▶ YOUR TASK
Would you reproduce exactly the lines below from the one holding "forall x y, f (gmul G x y) <= f x + f y." through the one holding "exists s : list G, length", inclusive, and no others?

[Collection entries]
· · · · · · ·

(* Let $G$ be a group and $f:G\to\mathbb N$ a subadditive function ($f(xy)\le f(x)+f(y)$) with $f(x)=0$ iff $x=\mathrm{id}$. Let $T=\{t\in G: f(t)=1\}$. Then the poset $(G,\le_f)$ is $f$-graded, meaning that whenever $y$ covers $x$ in $(G,\le_f)$ we have $f(y)=f(x)+1$, if and only if $T$ generates $G$ and $f=\ell_T$, where $\ell_T(x)$ is the minimum $k$ such that $x$ is a product of $k$ elements of $T$.
   Context: $x\le_f y$ means $f(x)+f(x^{-1}y)=f(y)$; this is a partial order on $G$. *)

From Stdlib Require Import List Arith.
Import ListNotations.

Record Group := {
  carrier :> Type;
  gmul : carrier -> carrier -> carrier;
  gone : carrier;
  ginv : carrier -> carrier;
  gmulA : forall x y z, gmul x (gmul y z) = gmul (gmul x y) z;
  gmul1 : forall x, gmul gone x = x;
  gmulV : forall x, gmul (ginv x) x = gone
}.

Section Defs.
Variable G : Group.

Definition gprod (s : list G) : G := fold_right (gmul G) (gone G) s.

Definition subadditive (f : G -> nat) : Prop :=
  forall x y, f (gmul G x y) <= f x + f y.

Definition le_f (f : G -> nat) (x y : G) : Prop :=
  f x + f (gmul G (ginv G x) y) = f y.

Definition lt_f (f : G -> nat) (x y : G) : Prop := le_f f x y /\ x <> y.

Definition covers_f (f : G -> nat) (x y : G) : Prop :=
  lt_f f x y /\ ~ (exists z, lt_f f x z /\ lt_f f z y).

Definition f_graded (f : G -> nat) : Prop :=
  forall x y, covers_f f x y -> f y = f x + 1.

Definition generates (T : G -> Prop) : Prop :=
  forall x, exists s : list G,
    (forall a, In a s -> T a \/ T (ginv G a)) /\ x = gprod s.

Definition prod_of_T (T : G -> Prop) (x : G) (k : nat) : Prop :=
  exists s : list G, length s = k /\ (forall a, In a s -> T a) /\ x = gprod s.

Definition is_ellT (T : G -> Prop) (x : G) (k : nat) : Prop :=
  prod_of_T T x k /\ forall k', prod_of_T T x k' -> k <= k'.

End Defs.

From Stdlib Require Import List Arith Lia Classical.
Import ListNotations.

(* Write 1 for the identity and T = f^{-1}(1).  Subadditivity makes <=_f
   transitive, and f is strictly increasing along <_f (since f vanishes only
   at 1).  Two general facts drive the theorem:
   - (splitting) if x <=_f y and x^{-1}y = ab with f(ab) = f(a) + f(b), then
     x <=_f xa <=_f y;
   - (atoms) since f takes values in N, every x <> 1 lies above some element
     covering 1; in an f-graded poset such an atom has f = 1, i.e. lies in T.
   If (G,<=_f) is f-graded, peeling off atoms shows by induction on f(x) that
   x is a product of f(x) elements of T; as f(t_1...t_k) <= k always holds,
   f = ell_T and T generates G.  Conversely, if f = ell_T and y covers x, a
   minimal T-word for x^{-1}y of length >= 2 would, by splitting, produce an
   element strictly between x and y; hence f(x^{-1}y) = 1. *)

Section GroupFacts.
Variable G : Group.
Local Notation "x * y" := (gmul G x y).
Local Notation "x ^-1" := (ginv G x) (at level 2, format "x ^-1").

Lemma mulVK (a u : G) : a^-1 * (a * u) = u.
Proof. rewrite gmulA, gmulV, gmul1. reflexivity. Qed.

Lemma solve_left (a u v : G) : a * u = v -> u = a^-1 * v.
Proof. intros <-. symmetry. apply mulVK. Qed.

Lemma mulrV (x : G) : x * x^-1 = gone G.
Proof.
  rewrite <- (gmul1 G (x * x^-1)), <- (gmulV G (x^-1)) at 1.
  rewrite <- gmulA, (gmulA G (x^-1)), gmulV, gmul1. apply gmulV.
Qed.

Lemma mulKV (x y : G) : x * (x^-1 * y) = y.
Proof. rewrite gmulA, mulrV, gmul1. reflexivity. Qed.

Lemma mulr1 (x : G) : x * gone G = x.
Proof. rewrite <- (gmulV G x), gmulA, mulrV. apply gmul1. Qed.

Lemma inv_one : (gone G)^-1 = gone G.
Proof. rewrite <- (mulr1 ((gone G)^-1)). apply gmulV. Qed.

Lemma eq_of_divl_one (x y : G) : x^-1 * y = gone G -> x = y.
Proof. intros E. rewrite <- (mulKV x y), E. symmetry. apply mulr1. Qed.

End GroupFacts.

Section LengthOrder.
Variable G : Group.
Local Notation "x * y" := (gmul G x y).
Local Notation "x ^-1" := (ginv G x) (at level 2, format "x ^-1").

Variable f : G -> nat.
Hypothesis hsub : subadditive G f.
Hypothesis hzero : forall x : G, f x = 0 <-> x = gone G.

Local Notation T := (fun t : G => f t = 1).

Lemma f_one : f (gone G) = 0.
Proof. apply hzero. reflexivity. Qed.

Lemma f_pos (x : G) : x <> gone G -> 0 < f x.
Proof. intros Hx. destruct (f x) eqn:E; [apply hzero in E; contradiction | lia]. Qed.

Lemma f_gprod_le (s : list G) : (forall a, In a s -> T a) -> f (gprod G s) <= length s.
Proof.
  induction s as [|a s IH]; intros Hs; simpl.
  - rewrite f_one. lia.
  - pose proof (hsub a (gprod G s)) as Hab.
    rewrite (Hs a (or_introl eq_refl)) in Hab.
    assert (f (gprod G s) <= length s) by (apply IH; intros; apply Hs; right; auto).
    lia.
Qed.

Lemma le_f_refl (x : G) : le_f G f x x.
Proof. unfold le_f. rewrite gmulV, f_one. lia. Qed.

Lemma le_f_one (x : G) : le_f G f (gone G) x.
Proof. unfold le_f. rewrite inv_one, gmul1, f_one. reflexivity. Qed.

Lemma le_f_trans (x y z : G) : le_f G f x y -> le_f G f y z -> le_f G f x z.
Proof.
  unfold le_f; intros Hxy Hyz.
  assert (E : x^-1 * z = (x^-1 * y) * (y^-1 * z)).
  { symmetry. apply solve_left. rewrite gmulA, mulKV. apply mulKV. }
  pose proof (hsub (x^-1 * y) (y^-1 * z)) as H1. rewrite <- E in H1.
  pose proof (hsub x (x^-1 * z)) as H2. rewrite mulKV in H2. lia.
Qed.

Lemma lt_f_increasing (x y : G) : lt_f G f x y -> f x < f y.
Proof.
  intros [Hle Hne]. unfold le_f in Hle.
  assert (x^-1 * y <> gone G) by (intros E; apply Hne, eq_of_divl_one, E).
  pose proof (f_pos _ H). lia.
Qed.

Lemma le_f_split (x y a b : G) :
  le_f G f x y -> x^-1 * y = a * b -> f (a * b) = f a + f b ->
  le_f G f x (x * a) /\ le_f G f (x * a) y.
Proof.
  unfold le_f; intros Hxy Hdiv Hadd.
  assert (Hb : (x * a)^-1 * y = b).
  { symmetry. apply solve_left. rewrite <- gmulA, <- Hdiv. apply mulKV. }
  pose proof (hsub x a) as H1.
  pose proof (hsub (x * a) b) as H2.
  rewrite <- Hb, mulKV in H2. rewrite Hb in H2 |- *.
  rewrite mulVK. rewrite Hdiv in Hxy. lia.
Qed.

Lemma atom_below (x : G) : x <> gone G -> exists c, covers_f G f (gone G) c /\ le_f G f c x.
Proof.
  induction x as [x IH] using (well_founded_induction (Wf_nat.well_founded_ltof G f)).
  intros Hx.
  destruct (classic (exists w, lt_f G f (gone G) w /\ lt_f G f w x)) as [[w [H1w Hwx]]|Hnone].
  - destruct (IH w (lt_f_increasing _ _ Hwx) (not_eq_sym (proj2 H1w))) as [c [Hc Hcw]].
    exists c. split; [exact Hc | exact (le_f_trans _ _ _ Hcw (proj1 Hwx))].
  - exists x. split; [|apply le_f_refl].
    split; [split; [apply le_f_one | apply not_eq_sym, Hx] | exact Hnone].
Qed.

Lemma graded_factorization : f_graded G f -> forall x, prod_of_T G T x (f x).
Proof.
  intros Hgr x.
  induction x as [x IH] using (well_founded_induction (Wf_nat.well_founded_ltof G f)).
  destruct (classic (x = gone G)) as [->|Hx].
  - exists []. rewrite f_one. repeat split. contradiction.
  - destruct (atom_below x Hx) as [c [Hcov Hcx]].
    assert (fc : f c = 1) by (rewrite (Hgr _ _ Hcov), f_one; reflexivity).
    unfold le_f in Hcx.
    destruct (IH (c^-1 * x) ltac:(unfold Wf_nat.ltof; lia)) as [s [Hlen [Hs Hprod]]].
    exists (c :: s). repeat split.
    + simpl. lia.
    + intros a [<-|Ha]; auto.
    + simpl. fold (gprod G s). rewrite <- Hprod. symmetry. apply mulKV.
Qed.

Lemma ellT_of_factorization (x : G) : prod_of_T G T x (f x) -> is_ellT G T x (f x).
Proof.
  intros Hx. split; [exact Hx|].
  intros k [s [<- [Hs ->]]]. apply f_gprod_le, Hs.
Qed.

(* If f = ell_T, then every cover raises f by exactly 1: a shortest T-word
   of length >= 2 for x^{-1}y would split the interval [x, y]. *)
Lemma ellT_graded : (forall x, is_ellT G T x (f x)) -> f_graded G f.
Proof.
  intros Hell x y [[Hxy Hne] Hnc].
  pose proof Hxy as Hfy. unfold le_f in Hfy.
  assert (Hz : x^-1 * y <> gone G) by (intros E; apply Hne, eq_of_divl_one, E).
  pose proof (f_pos _ Hz) as Hfz.
  destruct (proj1 (Hell (x^-1 * y))) as [[|t [|t2 r]] [Hlen [Hs Hprod]]];
    simpl in Hlen; [lia | lia |].
  exfalso. apply Hnc.
  remember (gprod G (t2 :: r)) as b eqn:Hbdef.
  assert (ft : f t = 1) by (apply Hs; left; reflexivity).
  assert (Hzb : x^-1 * y = t * b) by (rewrite Hprod, Hbdef; reflexivity).
  assert (Hb : f b <= length (t2 :: r))
    by (rewrite Hbdef; apply f_gprod_le; intros; apply Hs; right; auto).
  simpl in Hb.
  assert (Hadd : f (t * b) = f t + f b)
    by (pose proof (hsub t b); rewrite <- Hzb in *; lia).
  destruct (le_f_split x y t b Hxy Hzb Hadd) as [Hl Hr].
  assert (Hbne : b <> gone G)
    by (intros E; rewrite <- Hzb, E, f_one in Hadd; lia).
  exists (x * t). split; split; auto.
  - intros E. unfold le_f in Hl. rewrite mulVK, <- E in Hl. lia.
  - intros E. apply Hbne, hzero. unfold le_f in Hl.
    rewrite mulVK, E in Hl. rewrite <- Hzb in Hadd. lia.
Qed.

End LengthOrder.

Theorem mainTheorem4 (G : Group) (f : G -> nat)
  (hsub : subadditive G f)
  (hzero : forall x : G, f x = 0 <-> x = gone G) :
  f_graded G f <->
  (generates G (fun t => f t = 1) /\
   forall x : G, is_ellT G (fun t => f t = 1) x (f x)).
Proof.
  split.
  - intros Hgr.
    pose proof (graded_factorization G f hsub hzero Hgr) as Hfact.
    split.
    + intros x. destruct (Hfact x) as [s [_ [Hs Hx]]].
      exists s. split; [intros a Ha; left; apply Hs, Ha | exact Hx].
    + intros x. apply ellT_of_factorization; [exact hsub | exact hzero | apply Hfact].
  - intros [_ Hell]. exact (ellT_graded G f hsub hzero Hell).
Qed.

· · · · · · ·

▶ OUTPUT BELOW
  forall x y, f (gmul G x y) <= f x + f y.

Definition le_f (f : G -> nat) (x y : G) : Prop :=
  f x + f (gmul G (ginv G x) y) = f y.

Definition lt_f (f : G -> nat) (x y : G) : Prop := le_f f x y /\ x <> y.

Definition covers_f (f : G -> nat) (x y : G) : Prop :=
  lt_f f x y /\ ~ (exists z, lt_f f x z /\ lt_f f z y).

Definition f_graded (f : G -> nat) : Prop :=
  forall x y, covers_f f x y -> f y = f x + 1.

Definition generates (T : G -> Prop) : Prop :=
  forall x, exists s : list G,
    (forall a, In a s -> T a \/ T (ginv G a)) /\ x = gprod s.

Definition prod_of_T (T : G -> Prop) (x : G) (k : nat) : Prop :=
  exists s : list G, length s = k /\ (forall a, In a s -> T a) /\ x = gprod s.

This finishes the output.